*** Opening Entries provided ***

(* (ZFC) $\mathfrak{d}\le\mathfrak{i}_{cl}$.
   Context: An independent family is a set $\mathcal{I}\subseteq\mathcal{P}(\omega)$ such that for all disjoint finite $\mathcal{A}_0,\mathcal{A}_1\subseteq\mathcal{I}$, the set $\bigcap_{x\in\mathcal{A}_0}x\cap\bigcap_{x\in\mathcal{A}_1}(\omega\setminus x)$ is infinite; it is a maximal independent family if it is maximal under inclusion among independent families. $\mathfrak{i}_{cl}$ is the smallest cardinality of a collection of closed subsets of $\mathcal{P}(\omega)$ (identified with $2^\omega$ via characteristic functions) whose union is a maximal independent family. $\mathfrak{d}$ is the dominating number, the least size of a family $\mathcal{F}\subseteq\omega^\omega$ such that every $g\in\omega^\omega$ is eventually dominated by some member of $\mathcal{F}$. *)

(* Subsets of omega are represented by characteristic
   functions nat -> bool (P(omega) identified with 2^omega). *)
From Stdlib Require Import List Arith.
Import ListNotations.

Definition subset_omega := nat -> bool.
Definition family := subset_omega -> Prop.

(* Closed subsets of 2^omega (product topology): the complement is open, i.e.
   every point outside A has a basic clopen neighbourhood
   [x|n] = {y | forall k < n, y k = x k} disjoint from A. *)
Definition closed_cantor (A : subset_omega -> Prop) : Prop :=
  forall x, ~ A x -> exists n, forall y, (forall k, k < n -> y k = x k) -> ~ A y.

Definition bool_comb_infinite (A0 A1 : list subset_omega) : Prop :=
  forall N, exists m, N <= m /\
    (forall x, In x A0 -> x m = true) /\ (forall x, In x A1 -> x m = false).

Definition independent (I : family) : Prop :=
  forall A0 A1 : list subset_omega,
    (forall x, In x A0 -> I x) -> (forall x, In x A1 -> I x) ->
    (forall x, In x A0 -> ~ In x A1) ->
    bool_comb_infinite A0 A1.

Definition maximal_independent (I : family) : Prop :=
  independent I /\
  forall J : family, (forall x, I x -> J x) -> independent J -> forall x, J x -> I x.

Definition eventually_dominated (g f : nat -> nat) : Prop :=
  exists N, forall n, N <= n -> g n <= f n.

Definition dominating {K : Type} (F : K -> nat -> nat) : Prop :=
  forall g : nat -> nat, exists k, eventually_dominated g (F k).

(* Being infinite, I contains
   a sequence A_j converging to some z.  For finite s ⊆ K and m, call admissible the points of
   the closure of U_{k in s} C_k ∪ {A_j}, with z removed when z ∉ I: they form a closed subset
   of I.  Independence realizes every sign pattern on any m-separated tuple of at most m
   admissible points somewhere above m, and compactness bounds such a place by F_s(m).  The
   functions F_s dominate: given g escaping all of them, cut ω into windows so long that g on
   one window stays below the end of the next, and let x copy A_j on the j-th window.  Adding
   A_j and A_(j+1) to a Boolean combination and reading the pattern at a place where g beats
   F_s, one finds x taking any prescribed value inside the combination, so I + x is independent,
   contradicting maximality.  As K is either finite or satisfies |K^(<ω)| = |K|, the F_s can be
   indexed by K. *)

From Stdlib Require Import PeanoNat List Lia Classical ClassicalEpsilon
  FunctionalExtensionality PropExtensionality Wf_nat Cantor.
From mathcomp Require classical_sets.
Import ListNotations.

Definition agree {X} (n : nat) (a b : nat -> X) := forall i, i < n -> a i = b i.

Definition closed {X} (P : (nat -> X) -> Prop) :=
  forall y, ~ P y -> exists N, forall y', agree N y' y -> ~ P y'.

Definition eventually (P : nat -> Prop) := exists N, forall n, N <= n -> P n.

Definition upd {X} (f : nat -> X) (n : nat) (v : X) : nat -> X :=
  fun i => if Nat.eqb i n then v else f i.

Definition holds (P : Prop) : bool := if excluded_middle_informative P then true else false.

Lemma holds_true (P : Prop) : P -> holds P = true.
Proof. unfold holds; destruct (excluded_middle_informative P); tauto. Qed.

Lemma holds_false (P : Prop) : ~ P -> holds P = false.
Proof. unfold holds; destruct (excluded_middle_informative P); tauto. Qed.

Lemma holds_spec (P : Prop) : holds P = true -> P.
Proof. unfold holds; destruct (excluded_middle_informative P); [auto | discriminate]. Qed.

Lemma least_witness (P : nat -> Prop) :
  (exists n, P n) -> exists n, P n /\ forall m, m < n -> ~ P m.
Proof.
  intros Hex.
  destruct (dec_inh_nat_subset_has_unique_least_element P (fun n => classic (P n)) Hex)
    as [n [[Pn Hmin] _]].
  exists n; split; auto; intros m Hm Pm; specialize (Hmin m Pm); lia.
Qed.

Lemma agree_sym {X} n (a b : nat -> X) : agree n a b -> agree n b a.
Proof. intros H i Hi; symmetry; auto. Qed.

Lemma agree_trans {X} n (a b c : nat -> X) : agree n a b -> agree n b c -> agree n a c.
Proof. intros H1 H2 i Hi; rewrite H1; auto. Qed.

Lemma agree_le {X} m n (a b : nat -> X) : m <= n -> agree n a b -> agree m a b.
Proof. intros Hm H i Hi; apply H; lia. Qed.

Lemma nagree_le {X} m n (a b : nat -> X) : m <= n -> ~ agree m a b -> ~ agree n a b.
Proof. intros Hm H Ha; apply H, (agree_le m n); auto. Qed.

Lemma nagree_neq {X} n (a b : nat -> X) : ~ agree n a b -> a <> b.
Proof. intros H ->; apply H; intros i _; reflexivity. Qed.

Lemma agree_upd {X} n (f g : nat -> X) : agree n g f -> agree (S n) g (upd f n (g n)).
Proof.
  intros H i Hi; unfold upd.
  destruct (Nat.eqb_spec i n) as [->|Hne]; auto; apply H; lia.
Qed.

Lemma neq_differ {X} (a b : nat -> X) : a <> b -> exists i, a i <> b i.
Proof.
  intros H; apply NNPP; intros Hn; apply H, functional_extensionality; intros i.
  apply NNPP; eauto.
Qed.

Lemma first_difference {X} (a b : nat -> X) : a <> b -> exists n, agree n a b /\ a n <> b n.
Proof.
  intros H; destruct (least_witness _ (neq_differ a b H)) as [n [Hn Hmin]].
  exists n; split; auto; intros i Hi; apply NNPP, Hmin; auto.
Qed.

Lemma eventually_nagree {X} (a b : nat -> X) : a <> b -> eventually (fun n => ~ agree n a b).
Proof.
  intros H; destruct (neq_differ a b H) as [i Hi].
  exists (S i); intros n Hn Ha; apply Hi, Ha; lia.
Qed.

Lemma eventually_ge N : eventually (fun n => N <= n).
Proof. exists N; auto. Qed.

Lemma eventually_and (P Q : nat -> Prop) :
  eventually P -> eventually Q -> eventually (fun n => P n /\ Q n).
Proof. intros [M HM] [N HN]; exists (M + N); split; [apply HM | apply HN]; lia. Qed.

Lemma eventually_forall_in {X} (l : list X) (R : X -> nat -> Prop) :
  (forall x, In x l -> eventually (R x)) -> eventually (fun n => forall x, In x l -> R x n).
Proof.
  induction l as [|a l IH]; intros H; [exists 0; intros n _ x []|].
  destruct (eventually_and _ _ (H a (or_introl eq_refl)) (IH (fun x Hx => H x (or_intror Hx))))
    as [N HN].
  exists N; intros n Hn x [<-|Hx]; [exact (proj1 (HN n Hn)) | exact (proj2 (HN n Hn) x Hx)].
Qed.

Lemma eventually_forall_lt (k : nat) (R : nat -> nat -> Prop) :
  (forall i, i < k -> eventually (R i)) -> eventually (fun n => forall i, i < k -> R i n).
Proof.
  intros H; destruct (eventually_forall_in (seq 0 k) R) as [N HN].
  - intros i Hi; apply in_seq in Hi; apply H; lia.
  - exists N; intros n Hn i Hi; apply HN; [lia | apply in_seq; lia].
Qed.

Lemma closed_or {X} (P Q : (nat -> X) -> Prop) :
  closed P -> closed Q -> closed (fun y => P y \/ Q y).
Proof.
  intros HP HQ y Hy.
  destruct (HP y) as [M HM]; [tauto|]; destruct (HQ y) as [N HN]; [tauto|].
  exists (M + N); intros y' Hy' [H|H]; [apply (HM y') | apply (HN y')]; auto;
    apply (agree_le _ (M + N)); auto; lia.
Qed.

Lemma closed_and {X} (P Q : (nat -> X) -> Prop) :
  closed P -> closed Q -> closed (fun y => P y /\ Q y).
Proof.
  intros HP HQ y Hy; destruct (classic (P y)) as [Py|nPy].
  - destruct (HQ y) as [N HN]; [tauto|]; exists N; intros y' Hy' [_ H]; exact (HN y' Hy' H).
  - destruct (HP y nPy) as [N HN]; exists N; intros y' Hy' [H _]; exact (HN y' Hy' H).
Qed.

Lemma closed_forall {X Ix} (P : Ix -> (nat -> X) -> Prop) :
  (forall i, closed (P i)) -> closed (fun y => forall i, P i y).
Proof.
  intros HP y Hy; apply not_all_ex_not in Hy as [i Hi].
  destruct (HP i y Hi) as [N HN]; exists N; intros y' Hy' H; exact (HN y' Hy' (H i)).
Qed.

Lemma closed_imp {X} (H : Prop) (P : (nat -> X) -> Prop) : closed P -> closed (fun y => H -> P y).
Proof.
  intros HP y Hy; destruct (HP y) as [N HN]; [tauto|].
  exists N; intros y' Hy' H'; apply (HN y' Hy'); tauto.
Qed.

Lemma closed_local {X} m (P : (nat -> X) -> Prop) :
  (forall y y', agree m y' y -> P y' -> P y) -> closed P.
Proof. intros Hloc y Hy; exists m; intros y' Hy' H; exact (Hy (Hloc y y' Hy' H)). Qed.

Lemma closed_preimage {X Y} (f : (nat -> X) -> (nat -> Y)) (P : (nat -> Y) -> Prop) :
  (forall N y y', agree N y' y -> agree N (f y') (f y)) -> closed P -> closed (fun y => P (f y)).
Proof.
  intros Hf HP y Hy; destruct (HP (f y) Hy) as [N HN].
  exists N; intros y' Hy'; apply HN, Hf; auto.
Qed.

(** * Compactness of closed sets of sequences over a finite alphabet *)

Section Branch.
Variables (X : Type) (good : nat -> (nat -> X) -> Prop) (x0 : nat -> X).
Hypothesis good_agree : forall n f f', agree n f f' -> good n f -> good n f'.
Hypothesis good_0 : good 0 x0.
Hypothesis good_step : forall n f, good n f -> exists a, good (S n) (upd f n a).

Fixpoint approx (n : nat) : nat -> X :=
  match n with
  | 0 => x0
  | S n => upd (approx n) n
             (epsilon (inhabits (x0 0)) (fun a => good (S n) (upd (approx n) n a)))
  end.

Lemma approx_good n : good n (approx n).
Proof.
  induction n as [|n IH]; simpl; auto.
  apply (epsilon_spec (inhabits (x0 0)) (fun a => good (S n) (upd (approx n) n a))); auto.
Qed.

Lemma approx_stable n i : i < n -> approx n i = approx (S i) i.
Proof.
  induction n as [|n IH]; intros Hi; [lia|].
  destruct (Nat.eq_dec i n) as [->|Hne]; auto.
  simpl approx at 1; unfold upd at 1.
  destruct (Nat.eqb_spec i n); [lia | apply IH; lia].
Qed.

Lemma infinite_branch : exists x, forall n, good n x.
Proof.
  exists (fun i => approx (S i) i); intros n.
  apply (good_agree n (approx n)); [|apply approx_good].
  intros i Hi; apply approx_stable; auto.
Qed.
End Branch.

Section Compactness.
Variables (X : Type) (alphabet : list X) (P : (nat -> X) -> Prop) (Q : (nat -> X) -> nat -> Prop).
Hypothesis P_alphabet : forall y i, P y -> In (y i) alphabet.
Hypothesis P_closed : closed P.
Hypothesis Q_local : forall y y' p, agree (S p) y' y -> Q y p -> Q y' p.
Hypothesis P_covered : forall y, P y -> exists p, Q y p.

Let bad n f :=
  ~ eventually (fun B => forall y, P y -> agree n y f -> exists p, p <= B /\ Q y p).

Let bad_step n f : bad n f -> exists a, bad (S n) (upd f n a).
Proof.
  intros Hbad; apply NNPP; intros Hn; apply Hbad.
  destruct (eventually_forall_in alphabet
              (fun a B => forall y, P y -> agree (S n) y (upd f n a) ->
                          exists p, p <= B /\ Q y p)) as [B HB].
  { intros a _; apply NNPP; intros Ha; apply Hn; exists a; exact Ha. }
  exists B; intros B' HB' y Py Hy.
  destruct (HB B' HB' (y n) (P_alphabet y n Py) y Py (agree_upd n f y Hy)) as [p Hp].
  exists p; auto.
Qed.

(* König: the cylinders with unbounded witnesses form a finitely branching tree; a branch
   through it is either in [P], and then its witness is valid on a whole cylinder, or outside
   the closed set [P], and then a whole cylinder misses [P]. *)
Lemma compactness : exists B, forall y, P y -> exists p, p <= B /\ Q y p.
Proof.
  apply NNPP; intros Hn.
  assert (Hy0 : exists y0, P y0).
  { apply NNPP; intros H; apply Hn; exists 0; intros y Py; exfalso; eauto. }
  destruct Hy0 as [y0 _].
  destruct (infinite_branch _ bad y0) as [x Hx].
  - intros n f f' Hf Hb Hev; apply Hb.
    destruct Hev as [B0 HB0]; exists B0; intros B HB y Py Hy.
    apply (HB0 B HB y Py), (agree_trans n y f); auto.
  - intros [N HN]; apply Hn; exists N; intros y Py.
    apply (HN N (le_n N) y Py); intros i Hi; lia.
  - exact bad_step.
  - destruct (classic (P x)) as [Px|nPx].
    + destruct (P_covered x Px) as [p Hp].
      apply (Hx (S p)); exists p; intros B HB y Py Hy.
      exists p; split; auto; apply (Q_local x); auto.
    + destruct (P_closed x nPx) as [N HN].
      apply (Hx N); exists 0; intros B _ y Py Hy; exfalso; exact (HN y Hy Py).
Qed.
End Compactness.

*** Closing Entries provided ***

**Requirement**
Transcribe exactly, starting at the line with "apply (HB0 B" and continuing through the last line of the data above; leave out all earlier lines.

**Expected output**
    apply (HB0 B HB y Py), (agree_trans n y f); auto.
  - intros [N HN]; apply Hn; exists N; intros y Py.
    apply (HN N (le_n N) y Py); intros i Hi; lia.
  - exact bad_step.
  - destruct (classic (P x)) as [Px|nPx].
    + destruct (P_covered x Px) as [p Hp].
      apply (Hx (S p)); exists p; intros B HB y Py Hy.
      exists p; split; auto; apply (Q_local x); auto.
    + destruct (P_closed x nPx) as [N HN].
      apply (Hx N); exists 0; intros B _ y Py Hy; exfalso; exact (HN y Hy Py).
Qed.
End Compactness.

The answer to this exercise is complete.